**Task objective**
If a line in the entries below contains "positive", copy it.

**Available data**
(* Every summand E^{ab}_{ij}( . | X^(k)) majorizes F^{ab}_{ij}: the decoupled form p
   dominates q because |A - B|^2 <= 2|A|^2 + 2|B|^2 and rotations preserve the
   Frobenius norm, and for a <> b the concave rho moreover lies below its tangent at
   q(X^(k)), whose slope omega is in [0, 1]. Summing gives F <= G <= H, with equality
   at X^(k). The quadratic part of H is zeta |.|^2 + sum omega p, and each p splits
   into one quadratic form per node; this is the block-diagonal Pi^(k), and putting
   every omega to 1 bounds it independently of X^(k). Since G and H share their linear
   part, the matrix inequalities (c) and (e) follow from the functional ones, tested
   at X^(k) + Y, resp. X^(k) +- Y, for Y supported on one row. *)

Section OneSidedCalculus.
Variable R : realType.

Lemma concave_le_tangent (f : R -> R) (s1 s2 l : R) : lk_concave f ->
  0 <= s1 -> 0 <= s2 ->
  (fun h => h^-1 * (f (s1 + h) - f s1)) @ within [set h | 0 <= s1 + h] 0^' --> l ->
  f s2 <= f s1 + l * (s2 - s1).
Proof.
move=> f_concave s1_ge0 s2_ge0 fl; set D := s2 - s1.
have [D0|Dn0] := eqVneq D 0.
  by rewrite D0 mulr0 addr0 -(subrK s1 s2) -/D D0 add0r.
set q := fun h => h^-1 * (f (s1 + h) - f s1).
have chord t : 0 < t <= 1 -> f s2 - f s1 <= q (t * D) * D.
  case/andP=> t0 t1; have := f_concave s2 s1 t s2_ge0 s1_ge0; rewrite ltW //= t1 => /(_ isT).
  have -> : t * s2 + (1 - t) * s1 = s1 + t * D by rewrite /D; ring.
  have -> : q (t * D) * D = (f (s1 + t * D) - f s1) / t.
    by rewrite /q; field; rewrite Dn0 gt_eqF.
  rewrite ler_pdivlMr //; lra.
have tD : (fun t => t * D) @ 0^'+ --> within [set h | 0 <= s1 + h] 0^'.
  move=> P /= [e /= e0 He].
  have De : 0 < e / `|D| by rewrite divr_gt0 // normr_gt0.
  change (\forall t \near 0^'+, P (t * D)); near=> t.
  have t0 : 0 < t by near: t; exact: nbhs_right_gt.
  have t1 : t <= 1 by near: t; apply: nbhs_right_le.
  have te : t < e / `|D| by near: t; apply: nbhs_right_lt.
  apply: He.
  - by rewrite /ball /= sub0r normrN normrM gtr0_norm // -ltr_pdivlMr // normr_gt0.
  - by rewrite mulf_neq0 // gt_eqF.
  - rewrite /D; nra.
rewrite addrC -lerBlDr; apply: (@cvgr_to_ge R (0:R)^'+ _ R (fun t => q (t * D) * D)).
  exact: (cvgM (cvg_comp _ _ tD fl) (cvg_cst D)).
near=> t; apply: chord; apply/andP; split; near: t; first exact: nbhs_right_gt.
exact: nbhs_right_le.
Unshelve. all: by end_near. Qed.
#[global] Instance eqmodX_exp_Proper (R : comNzRingType) k :
  Proper (@eqmodX R k ==> eq ==> @eqmodX R k) (@GRing.exp _).
Proof. by move=> p q e n _ <-; apply: eqmodXX. Qed.

#[global] Hint Resolve eqmodX_refl : core.

Section EqModXEquations.
Variable R : comNzRingType.
Implicit Types (p q t u v w : {poly R}) (k : nat).

Lemma eqmodX_mulIr k t t' p q :
  t * t' = 1 %[modX k] -> p * t = q * t %[modX k] -> p = q %[modX k].
Proof.
move=> tt' e; rewrite -(mulr1 p) -(mulr1 q) -(eqmodXMl p tt') -(eqmodXMl q tt').
by rewrite !mulrA e.
Qed.

Lemma eqmodX_inv k p q u v :
  p * u = 1 %[modX k] -> q * v = 1 %[modX k] -> u = v %[modX k] -> p = q %[modX k].
Proof. by move=> pu qv uv; rewrite -(mulr1 p) -qv mulrCA -uv pu mulr1. Qed.

(* [P = 1 + X (u P + w P^2)] is a contraction for the [X]-adic distance. *)
Lemma eqmodX_quadratic_uniq k u w p q :
  p = 1 + 'X * (u * p + w * p ^+ 2) %[modX k] ->
  q = 1 + 'X * (u * q + w * q ^+ 2) %[modX k] -> p = q %[modX k].
Proof.
move=> /eqmodX_sub ep /eqmodX_sub eq; apply/eqmodX_sub.
apply: (@eqmodX_contract _ _ _ (u + w * (p + q))); apply/eqmodX_sub.
have -> : p - q - 'X * (u + w * (p + q)) * (p - q)
    = (p - (1 + 'X * (u * p + w * p ^+ 2))) - (q - (1 + 'X * (u * q + w * q ^+ 2))).
  by ring.
by rewrite ep eq subrr.
Qed.

End EqModXEquations.

Section Truncation.
Variable R : comNzRingType.
Implicit Types (f g u : fps R) (N : nat).

Definition fps_trunc N f : {poly R} := \poly_(i < N) f i.

Lemma coef_fps_trunc N f i : (fps_trunc N f)`_i = if (i < N)%N then f i else 0.
Proof. exact: coef_poly. Qed.

Lemma fps_trunc_coef N f p i : fps_trunc N f = p %[modX N] -> (i < N)%N -> f i = p`_i.
Proof. by move=> /eqmodXP e lt_iN; rewrite -e // coef_fps_trunc lt_iN. Qed.

Lemma fps_trunc_mul N f g :
  fps_trunc N (fps_mul f g) = fps_trunc N f * fps_trunc N g %[modX N].
Proof.
apply/eqmodXP => i lt_iN; rewrite coef_fps_trunc lt_iN coefM; apply: eq_bigr => j _.
rewrite !coef_fps_trunc (leq_ltn_trans (leq_ord j) lt_iN).
by rewrite (leq_ltn_trans (leq_subr _ _) lt_iN).
Qed.

Lemma fps_trunc1 N : fps_trunc N (fps1 R) = 1 %[modX N].
Proof. by apply/eqmodXP => i lt_iN; rewrite coef_fps_trunc lt_iN coef1. Qed.
(* Let $n,m\ge 1$ be integers and let $V(n,m)=\{1,\dots,n\}\times\{1,\dots,m\}\subset\mathbb{R}^2$. The minimum number of segments of a (possibly self-crossing) polygonal path covering $V(n,m)$ is $2\min(n,m)-2$ if $n=m\ge 3$, and $2\min(n,m)-1$ otherwise. The minimum number of segments of a noncrossing polygonal path covering $V(n,m)$ is $2\min(n,m)-1$ for all $n,m\ge 1$.
   Context: $V(n,m)$ is the vertex set of the $n\times m$ orthogonal unit grid ($n$ columns, $m$ rows). A polygonal path is a sequence of points $p_0,p_1,\dots,p_k$ in the plane ($k\ge 1$) together with the closed straight-line segments $p_{i-1}p_i$, $i=1,\dots,k$, each of positive length; its number of segments is $k$. The turning points $p_i$ may be arbitrary points of the plane (not necessarily grid points). The path covers a point set $P$ if every point of $P$ lies on the union of its segments. The path is noncrossing if any two of its segments intersect only when they are consecutive, and then only in their common endpoint. *)

From Stdlib Require Import Reals Arith.
Open Scope R_scope.

Definition point := (R * R)%type.

Definition on_seg (a b x : point) : Prop :=
  exists t : R, 0 <= t <= 1 /\
    x = (fst a + t * (fst b - fst a), snd a + t * (snd b - snd a)).

(* A polygonal path with k segments is given by points p 0, ..., p k
   (only these values of p matter); segment i (1 <= i <= k) is
   [p (i-1), p i]; k >= 1 and every segment has positive length. *)
Definition polypath (k : nat) (p : nat -> point) : Prop :=
  (1 <= k)%nat /\ forall i : nat, (1 <= i <= k)%nat -> p (i - 1)%nat <> p i.

Definition covers (k : nat) (p : nat -> point) (P : point -> Prop) : Prop :=
  forall x, P x -> exists i : nat, (1 <= i <= k)%nat /\ on_seg (p (i - 1)%nat) (p i) x.

Definition noncrossing (k : nat) (p : nat -> point) : Prop :=
  forall i j : nat, (1 <= i)%nat -> (i < j)%nat -> (j <= k)%nat ->
    forall x, on_seg (p (i - 1)%nat) (p i) x -> on_seg (p (j - 1)%nat) (p j) x ->
      j = S i /\ x = p i.

Definition grid (n m : nat) (x : point) : Prop :=
  exists a b : nat, (1 <= a <= n)%nat /\ (1 <= b <= m)%nat /\ x = (INR a, INR b).

Definition min_cover_segments (P : point -> Prop) (s : nat) : Prop :=
  (exists p, polypath s p /\ covers s p P) /\
  (forall k p, polypath k p -> covers k p P -> (s <= k)%nat).
(* Let $n\ge 1$ be an integer, $a>0$, and let $a_0,\dots,a_{n-1}:((-a,a)\setminus\{0\})\times\mathbb{K}\to\mathbb{K}$ be arbitrary functions, where $\mathbb{K}=\mathbb{R}$ or $\mathbb{C}$. Let $f\in C^\infty(-a,a)$ be a solution of $$f^{(n)}(x)+a_{n-1}(x,f(x))f^{(n-1)}(x)+\cdots+a_0(x,f(x))f(x)=0,\qquad x\in(-a,a)\setminus\{0\},$$ satisfying $f(0)=f'(0)=\cdots=f^{(n-1)}(0)=0$. If there are $M>0$ and $\eta\in(0,a)$ such that $|a_k(x,f(x))|\le M$ for all $0<|x|<\eta$ and $k=0,1,\dots,n-1$, then there exists $\delta>0$ such that $f\equiv 0$ on $[-\delta,\delta]$.
   Context: The coefficients may be singular at $x=0$; the equation is only required to hold for $x\neq 0$. *)

From Stdlib Require Export Reals Lra.
Open Scope R_scope.

Fixpoint rsum (n : nat) (g : nat -> R) : R :=
  match n with
  | O => 0
  | S m => rsum m g + g m
  end.

(* [smooth_on a D]: D 0 is C^infinity on (-a,a) and D k is its k-th
   derivative there (each D k is differentiable with derivative D (k+1)). *)
Definition smooth_on (a : R) (D : nat -> R -> R) : Prop :=
  forall (k : nat) (x : R), -a < x < a -> derivable_pt_lim (D k) x (D (S k) x).

(* Complex numbers as pairs (re, im). *)
Definition Cpx : Type := (R * R)%type.
Definition Cadd (z w : Cpx) : Cpx := (fst z + fst w, snd z + snd w).
Definition Cmul (z w : Cpx) : Cpx :=
  (fst z * fst w - snd z * snd w, fst z * snd w + snd z * fst w).
Definition Czero : Cpx := (0, 0).
Definition Cnorm (z : Cpx) : R := sqrt (fst z * fst z + snd z * snd z).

**Solution to this task**
   Context: $V(n,m)$ is the vertex set of the $n\times m$ orthogonal unit grid ($n$ columns, $m$ rows). A polygonal path is a sequence of points $p_0,p_1,\dots,p_k$ in the plane ($k\ge 1$) together with the closed straight-line segments $p_{i-1}p_i$, $i=1,\dots,k$, each of positive length; its number of segments is $k$. The turning points $p_i$ may be arbitrary points of the plane (not necessarily grid points). The path covers a point set $P$ if every point of $P$ lies on the union of its segments. The path is noncrossing if any two of its segments intersect only when they are consecutive, and then only in their common endpoint. *)
   [p (i-1), p i]; k >= 1 and every segment has positive length. *)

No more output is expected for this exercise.